While this book is ostensibly about young people and violence, it is centrally about how young lives can be transformed by the intervention of appreciative adults, the parameters of whose involvement grows out of their dialogue with these young people, individually and in their peer groups. It is at least ironic that although there has seldom been a time when workers with the skills and knowledge articulated in this book were needed more urgently, funding for such work is being systematically axed. One of the rationales for the cuts is that youth works flimsy evidence base does not justify its continued support. And yet this is the other reason this book is so important; because the work reported here has been meticulously studied by an international team of researchers who demonstrate clearly that this way of working is effective, for both the young people and the communities in which they live. It is my hope that this book will serve to remind those policy makers and service providers charged with dealing with our most disadvantaged, sometimes troublesome, young people that there is an evidence-based mode of social intervention out there that can make a significant difference to the lives of the young people who most perplex them.
Professor John Pitts, University of Bedfordshire, June 2016
Introduction
The problem of youth violence, and what could be effective responses to it, continues to occupy the minds of policymakers and other stakeholders. In this book we wish to approach the topic in a way that treats it as real, knowable, and of concern to society. We aim to provide a distinctive addition to what has become a protracted debate over youth violence and whether it is a growing problem at all. This debate, in our view, risks appearing irrelevant to the people who live and work in neighbourhoods affected by youth violence. Hence, this book and the two-year research project it describes, is based on the premise that while the phenomenon of youth violence needs to be continually and critically analysed, significant numbers of young people continue to be drawn into violence as perpetrators, witnesses or victims, with damaging consequences for young people and the communities in which they live.

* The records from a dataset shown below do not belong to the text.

(* Case A: some vertex has degree at least n-1.  The big vertices B form an
   independent set, and each other vertex v has #|N v :&: B| + deg v <= n - 2;
   summing this charge over the vertices outside B bounds the degree sum. *)
Lemma degree_sum_big_case v0 : n - 1 <= deg v0 ->
  \sum_v deg v <= (n - 2) * (#|V| - 1).
Proof.
move=> dv0; set B := [set v | n - 1 <= deg v].
have B_indep v : v \in B -> N v :&: B = set0.
  rewrite inE => dv; apply/setP => u; rewrite !inE -in_nbhd; apply/andP => [[uv du]].
  by have := nbr_of_big_deg_le2 dv uv; lia.
have charge v : v \in ~: B -> #|N v :&: B| + deg v <= n - 2.
  rewrite !inE -ltnNge => dv.
  have [NB0 | /card_gt0P [u]] := posnP #|N v :&: B|; first by rewrite NB0; lia.
  rewrite !inE -in_nbhd => /andP [uv du]; rewrite nbhd_sym in uv.
  have := nbr_of_big_deg_le2 du uv; have := nbr_of_big_deg_le du uv.
  have := subset_leq_card (subsetIl (N v) B); lia.
have -> : \sum_v deg v = \sum_(v in ~: B) (#|N v :&: B| + deg v).
  rewrite big_split /= (sum_setC B) -sum_card_nbhdI (sum_setC B (fun v => #|N v :&: B|)).
  by rewrite big1 ?add0n ?addnA // => v /B_indep ->; rewrite cards0.
apply: (@leq_trans (\sum_(v in ~: B) (n - 2))); first exact: leq_sum charge.
rewrite sum_nat_const mulnC leq_mul2l.
have := cardsC B; have : 0 < #|B| by apply/card_gt0P; exists v0; rewrite inE.
lia.
Qed.

Lemma nbhd_of_nbr_sub a u : n - 2 <= deg a -> u \in N a -> 2 < deg u ->
  N u \subset a |: N a.
Proof.
move=> da ua du; apply/subsetP => x xu; rewrite in_setU1 orbC.
case: (boolP (x \in N a)) => //= xa; have [// | xna] := eqVneq x a.
by have := nbr_with_outer_nbr_deg_le2 da ua xu xa xna; lia.
Qed.

Section DegreesAtMost.
Hypothesis deg_le : forall v, deg v <= n - 2.

Lemma open_nbrs_deg_le a b w u : n - 2 <= deg a -> b \in N a -> w \in N b ->
  w \notin N a -> w != a -> u \in N a -> deg u <= n - 3.
Proof.
move=> da ba wb wa wna ua.
have db := nbr_with_outer_nbr_deg_le2 da ba wb wa wna.
have [-> | ub] := eqVneq u b; first by lia.
case: (leqP (deg u) 2) => du; first by lia.
have bu : b \notin N u.
  rewrite nbhd_sym; apply/negP => ub'; suff : 2 < deg b by lia.
  apply/card_gt2P; exists a, w, u; split; split => //; first by rewrite nbhd_sym.
  - by rewrite eq_sym.
  - by apply: contraNneq wa => ->.
  - exact: (nbhd_neq simpleG ua).
have sub : N u \subset (a |: N a) :\: [set u; b].
  apply/subsetP => x xu; rewrite in_setD (subsetP (nbhd_of_nbr_sub da ua du)) // andbT.
  by rewrite !inE negb_or (nbhd_neq simpleG xu); apply: contraNneq bu => <-.
have ub_in : [set u; b] \subset a |: N a.
  by apply/subsetP => x; rewrite !inE -!in_nbhd => /orP [] /eqP ->; rewrite ?ua ?ba orbT.
have := subset_leq_card sub; have := deg_le a.
by rewrite cardsD (setIidPr ub_in) cards2 ub cardsU1 (nbhd_irr simpleG) /=; lia.
Qed.

Section NoOpenVertex.
Hypothesis no_open : forall a b w,
  n - 2 <= deg a -> b \in N a -> w \in N b -> w \in a |: N a.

We also have a sense, partly as a result of our own experiences as youth workers and now as pedagogues in the field, that youth workers could occupy a prime position in terms of their ability to understand and prevent youth violence. However, there are many complex issues around the use of youth work as a response to violence that we felt warranted further investigation through research at grass-roots level. Social policy, funding, managerial and evaluation regimes may be acting as inhibitors of innovative youth work practice and many of the youth workers whose work involves responding to violence report being poorly funded, coordinated, trained and evaluated. Inter-agency collaboration presents real challenges (Harris, 2005; Tiffany, 2007).